Stage-3 is filtered out by condition resolver.
Stage-5 is filtered out by condition resolver.
Moving data to: hdfs://hadoop1:9000/tmp/hive-grid/hive_2017-06-279-29-03-249-4340474818139134521-1/-ext-10001
Moving data to: hdfs://hadoop1:9000/user/hive/warehouse/tbllzo
Table default.tbllzo stats: [numFiles=1, numRows=14, totalSize=106, rawDataSize=97]
MapReduce Jobs Launched:
Stage-Stage-1: Map: 1 Cumulative CPU: 1.87 sec HDFS Read: 318 HDFS Write: 176 SUCCESS
Total MapReduce CPU Time Spent: 1 seconds 870 msec
OK
Time taken: 13.744 seconds
Hive >
>
> show create table tbllzo
OK
CREATE TABLE `tbllzo` (
`id` int
`name` string)
ROW FORMAT SERDE
'org.apache.hadoop.hive.serde2.lazy.LazySimpleSerDe'
STORED AS INPUTFORMAT
'org.apache.hadoop.mapred.TextInputFormat'
OUTPUTFORMAT
'org.apache.hadoop.hive.ql.io.HiveIgnoreKeyTextOutputFormat'
LOCATION
'hdfs://hadoop1:9000/user/hive/warehouse/tbllzo'
TBLPROPERTIES (
'COLUMN_STATS_ACCURATE'='true'
'numFiles'='1'
'numRows'='14'
'rawDataSize'='97'
'totalSize'='106'
'transient_lastDdlTime'='1498534156')
Time taken: 0.044 seconds, Fetched: 18 row (s)
Hive >
> select * from tbllzo
OK
1 Awyp
2 Azs
3 Als
4 Aww
5 Awyp2
6 Awyp3
7 Awyp4
8 Awyp5
9 Awyp6
10 Awyp7
11 Awyp8
12 Awyp5
13 Awyp9
14 Awyp20
Time taken: 0.032 seconds, Fetched: 14 row (s)
Hive >
>
> dfs-ls / user/hive/warehouse/tbllzo
Found 1 items
-rwxr-xr-x 1 grid supergroup 106 2017-06-27 11:29 / user/hive/warehouse/tbllzo/000000_0.lzo_deflate
Hive >
>
> dfs-cat / user/hive/warehouse/tbllzo/000000_0.lzo_deflate
Ob1Awyp
2Azs
3Als
4Aww
5Awyp2
six
seven
eight
nine
ten
one
one hundred and twenty five
13Awyp9
14Awyp20
Under lz compression, the read and write format of the table is still org.apache.hadoop.mapred.TextInputFormat, the data file is suffixed with .lzo _ deflate, and the user cannot view the content directly.
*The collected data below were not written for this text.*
(* [ln x <= x - 1] for the ratio of the two sums, then [exp (- y) <= 1 - y + y^2/2]
   termwise. *)
Lemma ln_sum_exp_weights_le (l : list nat) (W e : nat -> R) (eta : R) :
  (forall i, 0 < W i) -> l <> [] -> 0 <= eta -> (forall i, In i l -> 0 <= e i) ->
  ln (sumR (map (fun i => W i * exp (- eta * e i)) l)) - ln (sumR (map W l)) <=
  eta * sumR (map (fun i => W i / sumR (map W l) * (- e i + eta * e i ^ 2 / 2)) l).
Proof.
  intros HW Hne Heta He.
  set (S := sumR (map W l)). assert (HS : 0 < S) by (apply sumR_map_pos; auto).
  set (S' := sumR (map (fun i => W i * exp (- eta * e i)) l)).
  assert (HS' : 0 < S').
  { apply sumR_map_pos; auto. intros i. apply Rmult_lt_0_compat; [apply HW | apply exp_pos]. }
  assert (Hq1 : sumR (map (fun i => / S * W i) l) = 1)
    by (rewrite sumR_map_scal; fold S; field; lra).
  assert (Hexp : S' / S <= sumR (map (fun i => / S * W i +
                   eta * (W i / S * (- e i + eta * e i ^ 2 / 2))) l)).
  { replace (S' / S) with (sumR (map (fun i => / S * (W i * exp (- eta * e i))) l))
      by (rewrite sumR_map_scal; unfold S', Rdiv; ring).
    apply sumR_map_le. intros i Hi.
    pose proof (exp_neg_le_quadratic (eta * e i) (Rmult_le_pos _ _ Heta (He i Hi))).
    assert (0 < / S) by (apply Rinv_0_lt_compat, HS).
    pose proof (HW i).
    replace (- eta * e i) with (- (eta * e i)) by ring.
    replace (/ S * W i + eta * (W i / S * (- e i + eta * e i ^ 2 / 2)))
      with (/ S * W i * (1 - eta * e i + (eta * e i) ^ 2 / 2)) by (unfold Rdiv; ring).
    rewrite <- Rmult_assoc. apply Rmult_le_compat_l; [nra | lra]. }
  rewrite sumR_map_add, Hq1, sumR_map_scal in Hexp.
  replace (ln S' - ln S) with (ln (S' / S))
    by (rewrite Rdiv_def, ln_mult, ln_Rinv by (try apply Rinv_0_lt_compat; lra); ring).
  pose proof (ln_le_sub_1 (S' / S) ltac:(apply Rdiv_pos_pos; lra)). lra.
Qed.

(** * Tail sums *)

Definition tail_sum (l : list nat) (f : nat -> R) (i : nat) : R :=
  sumR (map (fun j => if Nat.leb i j then f j else 0) l).

Lemma tail_sum_min (l : list nat) f m :
  (forall x, In x l -> (m <= x)%nat) -> tail_sum l f m = sumR (map f l).
Proof.
  intros Hmin. apply sumR_map_ext. intros x Hx.
  destruct (Nat.leb_spec m x); [reflexivity | specialize (Hmin x Hx); lia].
Qed.

Lemma tail_sum_remove_min (l : list nat) f m i :
  NoDup l -> In m l -> (m < i)%nat ->
  tail_sum l f i = tail_sum (remove Nat.eq_dec m l) f i.
Proof.
  intros Hnd Hm Hi. unfold tail_sum. rewrite (sumR_map_remove _ l m Hnd Hm).
  destruct (Nat.leb_spec i m); [lia | lra].
Qed.

(* Removing the least index [m] shrinks the total from [S] to [S'], and
   [f m / S = (S - S') / S <= ln S - ln S']: the bound telescopes. *)
Lemma sum_div_tail_sum_le_ln (l : list nat) (f : nat -> R) (c : R) :
  NoDup l -> l <> [] -> 0 < c -> (forall x, In x l -> c <= f x) ->
  sumR (map (fun i => f i / tail_sum l f i) l) <= 1 + ln (sumR (map f l)) - ln c.
Proof.
  remember (length l) as n eqn:Hn. revert l Hn.
  induction n as [n IH] using lt_wf_ind; intros l Hn Hnd Hne Hc Hf.
  destruct (exists_min_nat l Hne) as [m [Hm Hmin]].
  rewrite (sumR_map_remove (fun i => f i / tail_sum l f i) l m Hnd Hm).
  rewrite tail_sum_min, (sumR_map_remove f l m Hnd Hm) by exact Hmin.
  rewrite (sumR_map_ext (fun i => f i / tail_sum l f i)
                       (fun i => f i / tail_sum (remove Nat.eq_dec m l) f i)).
  2:{ intros i Hi. apply in_remove in Hi as [Hil Him].
      rewrite (tail_sum_remove_min l f m i Hnd Hm); [reflexivity|].
      specialize (Hmin i Hil). lia. }
  assert (Hlen : (length (remove Nat.eq_dec m l) < n)%nat)
    by (subst n; apply remove_length_lt, Hm).
  pose proof (NoDup_remove_elt l m Hnd) as Hnd'.
  assert (Hf' : forall x, In x (remove Nat.eq_dec m l) -> c <= f x)
    by (intros x Hx; apply in_remove in Hx as [Hx _]; auto).
  assert (Hfm : c <= f m) by auto.
  set (l' := remove Nat.eq_dec m l) in *. clearbody l'.
  destruct l' as [|y l''].
  - simpl. replace (f m / (f m + 0)) with 1 by (field; lra).
    pose proof (ln_le c (f m + 0) Hc ltac:(lra)). lra.
  - set (S' := sumR (map f (y :: l''))).
    assert (HS' : c <= S').
    { pose proof (Hf' y (or_introl eq_refl)).
      pose proof (sumR_map_ge_elem f (y :: l'') y
                    (fun x Hx => Rle_trans _ _ _ (Rlt_le _ _ Hc) (Hf' x Hx))
                    (or_introl eq_refl)).
      unfold S'. lra. }
    pose proof (IH _ Hlen (y :: l'') eq_refl Hnd' ltac:(discriminate) Hc Hf') as IH'.
    pose proof (sub_div_le_ln_sub (f m + S') S' ltac:(lra)) as Hstep.
    replace (f m + S' - S') with (f m) in Hstep by ring.
    fold S' in IH'. lra.
Qed.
In other words, an input like org.apache.hadoop.mapred.TextInputFormat can recognize lzo compression and read content. How powerful! )
4. Lzop compression
Hive >
> set mapred.output.compression.codec=com.hadoop.compression.lzo.LzopCodec
Hive >
> create table tbllzop as select * from tbl
Total jobs = 3
Launching Job 1 out of 3
Number of reduce tasks is set to 0 since there's no reduce operator
Starting Job = job_1498527794024_0004, Tracking URL = http://hadoop1:8088/proxy/application_1498527794024_0004/
Kill Command = / opt/hadoop/bin/hadoop job-kill job_1498527794024_0004
Hadoop job information for Stage-1: number of mappers: 1; number of reducers: 0
2017-06-27 11 3714 28010 Stage-1 map = 0%, reduce = 0%
2017-06-27 11 Cumulative CPU 3715 32127 Stage-1 map = 100%, reduce = 0%, Cumulative CPU 2.1 sec
MapReduce Total cumulative CPU time: 2 seconds 100 msec
Ended Job = job_1498527794024_0004
Stage-4 is selected by condition resolver.
Stage-3 is filtered out by condition resolver.
Stage-5 is filtered out by condition resolver.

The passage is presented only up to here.